(Stored data entries)
(* Let $m,n\in\mathbb{N}$. Then $K_{n,n}\subseteq K_{m,n}$.
   Context: Thompson's group $F$ is the group of piecewise linear homeomorphisms of $[0,1]$ with finitely many dyadic breakpoints and slopes integer powers of $2$. An element $h\in F$ has the pair of branches $u\rightarrow v$ (for finite binary words $u,v$) if $h(.u\alpha)=.v\alpha$ for every infinite binary word $\alpha$. For $H\le F$ write $u\sim_H v$ if some $h\in H$ has the pair of branches $u\rightarrow v$. The closure $\mathrm{Cl}(H)$ is the subgroup of all $f\in F$ for which there is a finite subdivision of $[0,1]$ into intervals on each of which $f$ coincides with some element of $H$; $H$ is closed if $H=\mathrm{Cl}(H)$ (intersections of closed subgroups are closed). For $m,n\in\mathbb{N}$ let $d=\gcd(m,n)$; $K_{m,n}$ is the minimal closed subgroup $K$ of $F$ such that: (a) $0^k1\sim_K 0^{k+d}1$ for all $k\in\mathbb{N}$; (b) $1^k0\sim_K 1^{k+d}0$ for all $k\in\mathbb{N}$; (c) $0^k1\sim_K 1^{d+1-k}0$ for $1\le k\le d$; (d) $0^{2k}10\sim_K 1^{1+3(n-k)}0$ for $1\le k\le n$; (e) $0^{2k}11\sim_K 1^{2+3(n-k)}0$ for $1\le k\le n$; (f) $0^{2k-1}1\sim_K 1^{3(n-k+1)}0$ for $1\le k\le n$. In particular $K_{n,n}$ is defined with $d=n$. *)

From Stdlib Require Import Reals ZArith Arith List.
From Coquelicot Require Import Coquelicot.
Import ListNotations.
Open Scope R_scope.

(* A finite binary word is a [list bool] ([false] = digit 0, [true] = digit 1);
   an infinite binary word is a map [nat -> bool]. *)
Definition word := list bool.

Definition prefix_word (u : word) (alpha : nat -> bool) : nat -> bool :=
  fun i => if Nat.ltb i (length u) then nth i u false else alpha (i - length u)%nat.

Definition binval (w : nat -> bool) : R :=
  Series (fun i => if w i then (/ 2) ^ (S i) else 0).

Definition zeros (k : nat) : word := repeat false k.
Definition ones (k : nat) : word := repeat true k.

Definition dyadic (x : R) : Prop :=
  exists (z : Z) (j : nat), x = IZR z / 2 ^ j.

(* f is (the extension by the identity outside [0,1] of) a piecewise linear
   homeomorphism of [0,1] with finitely many dyadic breakpoints and slopes
   integer powers of 2.  Continuity is built in (pieces agree on closed
   intervals), positivity of slopes gives monotonicity, f 0 = 0, f 1 = 1. *)
Definition inF (f : R -> R) : Prop :=
  (forall x, (x < 0 \/ 1 < x) -> f x = x) /\
  f 0 = 0 /\ f 1 = 1 /\
  exists (k : nat) (p : nat -> R),
    p 0%nat = 0 /\ p k = 1 /\
    (forall i, (i < k)%nat -> p i < p (S i) /\ dyadic (p i)) /\
    (forall i, (i < k)%nat ->
       exists (a : Z) (b : R), forall x, p i <= x <= p (S i) ->
         f x = powerRZ 2 a * x + b).

Definition subgroupF (H : (R -> R) -> Prop) : Prop :=
  (forall f, H f -> inF f) /\
  H (fun x => x) /\
  (forall f g, H f -> H g -> H (fun x => f (g x))) /\
  (forall f, H f -> exists g, H g /\ forall x, g (f x) = x /\ f (g x) = x).

Definition has_branches (h : R -> R) (u v : word) : Prop :=
  forall alpha : nat -> bool, h (binval (prefix_word u alpha)) = binval (prefix_word v alpha).

Definition simH (H : (R -> R) -> Prop) (u v : word) : Prop :=
  exists h, H h /\ has_branches h u v.

Definition Cl (H : (R -> R) -> Prop) (f : R -> R) : Prop :=
  inF f /\
  exists (k : nat) (p : nat -> R),
    p 0%nat = 0 /\ p k = 1 /\
    (forall i, (i < k)%nat -> p i < p (S i)) /\
    (forall i, (i < k)%nat ->
       exists h, H h /\ forall x, p i <= x <= p (S i) -> f x = h x).

Definition closedF (H : (R -> R) -> Prop) : Prop :=
  forall f, H f <-> Cl H f.

(* Conditions (a)-(f) defining K_{m,n}, with d = gcd(m,n) *)
Definition K_conditions (m n : nat) (K : (R -> R) -> Prop) : Prop :=
  let d := Nat.gcd m n in
  (forall k : nat, simH K (zeros k ++ [true]) (zeros (k + d) ++ [true])) /\
  (forall k : nat, simH K (ones k ++ [false]) (ones (k + d) ++ [false])) /\
  (forall k : nat, (1 <= k <= d)%nat ->
     simH K (zeros k ++ [true]) (ones (d + 1 - k) ++ [false])) /\
  (forall k : nat, (1 <= k <= n)%nat ->
     simH K (zeros (2 * k) ++ [true; false]) (ones (1 + 3 * (n - k)) ++ [false])) /\
  (forall k : nat, (1 <= k <= n)%nat ->
     simH K (zeros (2 * k) ++ [true; true]) (ones (2 + 3 * (n - k)) ++ [false])) /\
  (forall k : nat, (1 <= k <= n)%nat ->
     simH K (zeros (2 * k - 1) ++ [true]) (ones (3 * (n - k + 1)) ++ [false])).

(* K_{m,n}: the minimal closed subgroup satisfying (a)-(f), i.e. the
   intersection of all closed subgroups of F satisfying them. *)
Definition K_mn (m n : nat) : (R -> R) -> Prop :=
  fun f => forall K, subgroupF K -> closedF K -> K_conditions m n K -> K f.

(* Every closed subgroup satisfying the conditions for (m, n) also satisfies
   those for (n, n); since K_{n,n} is the intersection of all closed subgroups
   satisfying the latter, it lies in K_{m,n}.  Conditions (d)-(f) do not
   involve d.  For the others, d = gcd(m, n) divides n = gcd(n, n): iterating
   (a) and (b) gives the steps of length n, and 0^k 1 ~ 1^(n+1-k) 0 follows by
   reducing k - 1 modulo d and applying (c) once. *)
From Stdlib Require Import Reals Arith Lia List RelationClasses.
Import ListNotations.

Lemma step_iter_mul {A : Type} (Rel : A -> A -> Prop) `{PreOrder A Rel}
    (P : nat -> A) (d : nat) :
  (forall k, Rel (P k) (P (k + d)%nat)) ->
  forall j k, Rel (P k) (P (k + j * d)%nat).
Proof.
  intros Hstep j. induction j as [|j IH]; intro k.
  - rewrite Nat.mul_0_l, Nat.add_0_r. reflexivity.
  - transitivity (P (k + j * d)%nat); [apply IH |].
    replace (k + S j * d)%nat with (k + j * d + d)%nat by lia. apply Hstep.
Qed.

Section SimH.

Variable K : (R -> R) -> Prop.
Hypothesis HK : subgroupF K.

#[local] Instance simH_Equivalence : Equivalence (simH K).
Proof.
  destruct HK as [_ [Hid [Hcomp Hinv]]]. split.
  - intro u. exists (fun x => x). split; [exact Hid | intro; reflexivity].
  - intros u v [h [Hh Huv]].
    destruct (Hinv h Hh) as [g [Hg Hgh]].
    exists g. split; [exact Hg |].
    intro alpha. rewrite <- Huv. apply Hgh.
  - intros u v w [h [Hh Huv]] [g [Hg Hvw]].
    exists (fun x => g (h x)). split; [now apply Hcomp |].
    intro alpha. rewrite Huv. apply Hvw.
Qed.

Lemma simH_zeros_mul (d : nat) :
  (forall k, simH K (zeros k ++ [true]) (zeros (k + d) ++ [true])) ->
  forall j k, simH K (zeros k ++ [true]) (zeros (k + j * d) ++ [true]).
Proof. exact (step_iter_mul _ (fun k => zeros k ++ [true]) d). Qed.

Lemma simH_ones_mul (d : nat) :
  (forall k, simH K (ones k ++ [false]) (ones (k + d) ++ [false])) ->
  forall j k, simH K (ones k ++ [false]) (ones (k + j * d) ++ [false]).
Proof. exact (step_iter_mul _ (fun k => ones k ++ [false]) d). Qed.

Lemma simH_zeros_ones_mul (d q : nat) :
  (forall k, simH K (zeros k ++ [true]) (zeros (k + d) ++ [true])) ->
  (forall k, simH K (ones k ++ [false]) (ones (k + d) ++ [false])) ->
  (forall k, (1 <= k <= d)%nat ->
     simH K (zeros k ++ [true]) (ones (d + 1 - k) ++ [false])) ->
  forall k, (1 <= k <= q * d)%nat ->
    simH K (zeros k ++ [true]) (ones (q * d + 1 - k) ++ [false]).
Proof.
  intros Hzeros Hones Hswap k Hk.
  assert (Hd : d <> 0%nat) by (intro E; subst d; lia).
  pose proof (Nat.div_mod (k - 1) d Hd) as Hdiv.
  pose proof (Nat.mod_upper_bound (k - 1) d Hd) as Hmod.
  set (j := ((k - 1) / d)%nat) in *. set (r := ((k - 1) mod d)%nat) in *.
  assert (Hj : (j < q)%nat) by nia.
  transitivity (zeros (r + 1) ++ [true]).
  { symmetry. replace k with (r + 1 + j * d)%nat by lia.
    now apply simH_zeros_mul. }
  transitivity (ones (d + 1 - (r + 1)) ++ [false]); [apply Hswap; lia |].
  replace (q * d + 1 - k)%nat with (d + 1 - (r + 1) + (q - 1 - j) * d)%nat
    by nia.
  now apply simH_ones_mul.
Qed.

Lemma K_conditions_diag (m n : nat) :
  K_conditions m n K -> K_conditions n n K.
Proof.
  unfold K_conditions. rewrite Nat.gcd_diag.
  destruct (Nat.gcd_divide_r m n) as [q Hq].
  set (d := Nat.gcd m n) in *.
  intros [Ha [Hb [Hc Hdef]]].
  split; [| split; [| split]]; [| | | exact Hdef]; rewrite Hq.
  - intro k. now apply simH_zeros_mul.
  - intro k. now apply simH_ones_mul.
  - now apply simH_zeros_ones_mul.
Qed.

End SimH.

Theorem lemma3p4 (m n : nat) :
  forall f : R -> R, K_mn n n f -> K_mn m n f.
Proof.
  intros f Hf K HK HC Hcond.
  apply Hf; [exact HK | exact HC |].
  exact (K_conditions_diag K HK m n Hcond).
Qed.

> PROBLEM DETAILS
Once you have identified the lines above that contain "pose", copy each of them.

> REPLY TO THE TASK
  pose proof (Nat.div_mod (k - 1) d Hd) as Hdiv.
  pose proof (Nat.mod_upper_bound (k - 1) d Hd) as Hmod.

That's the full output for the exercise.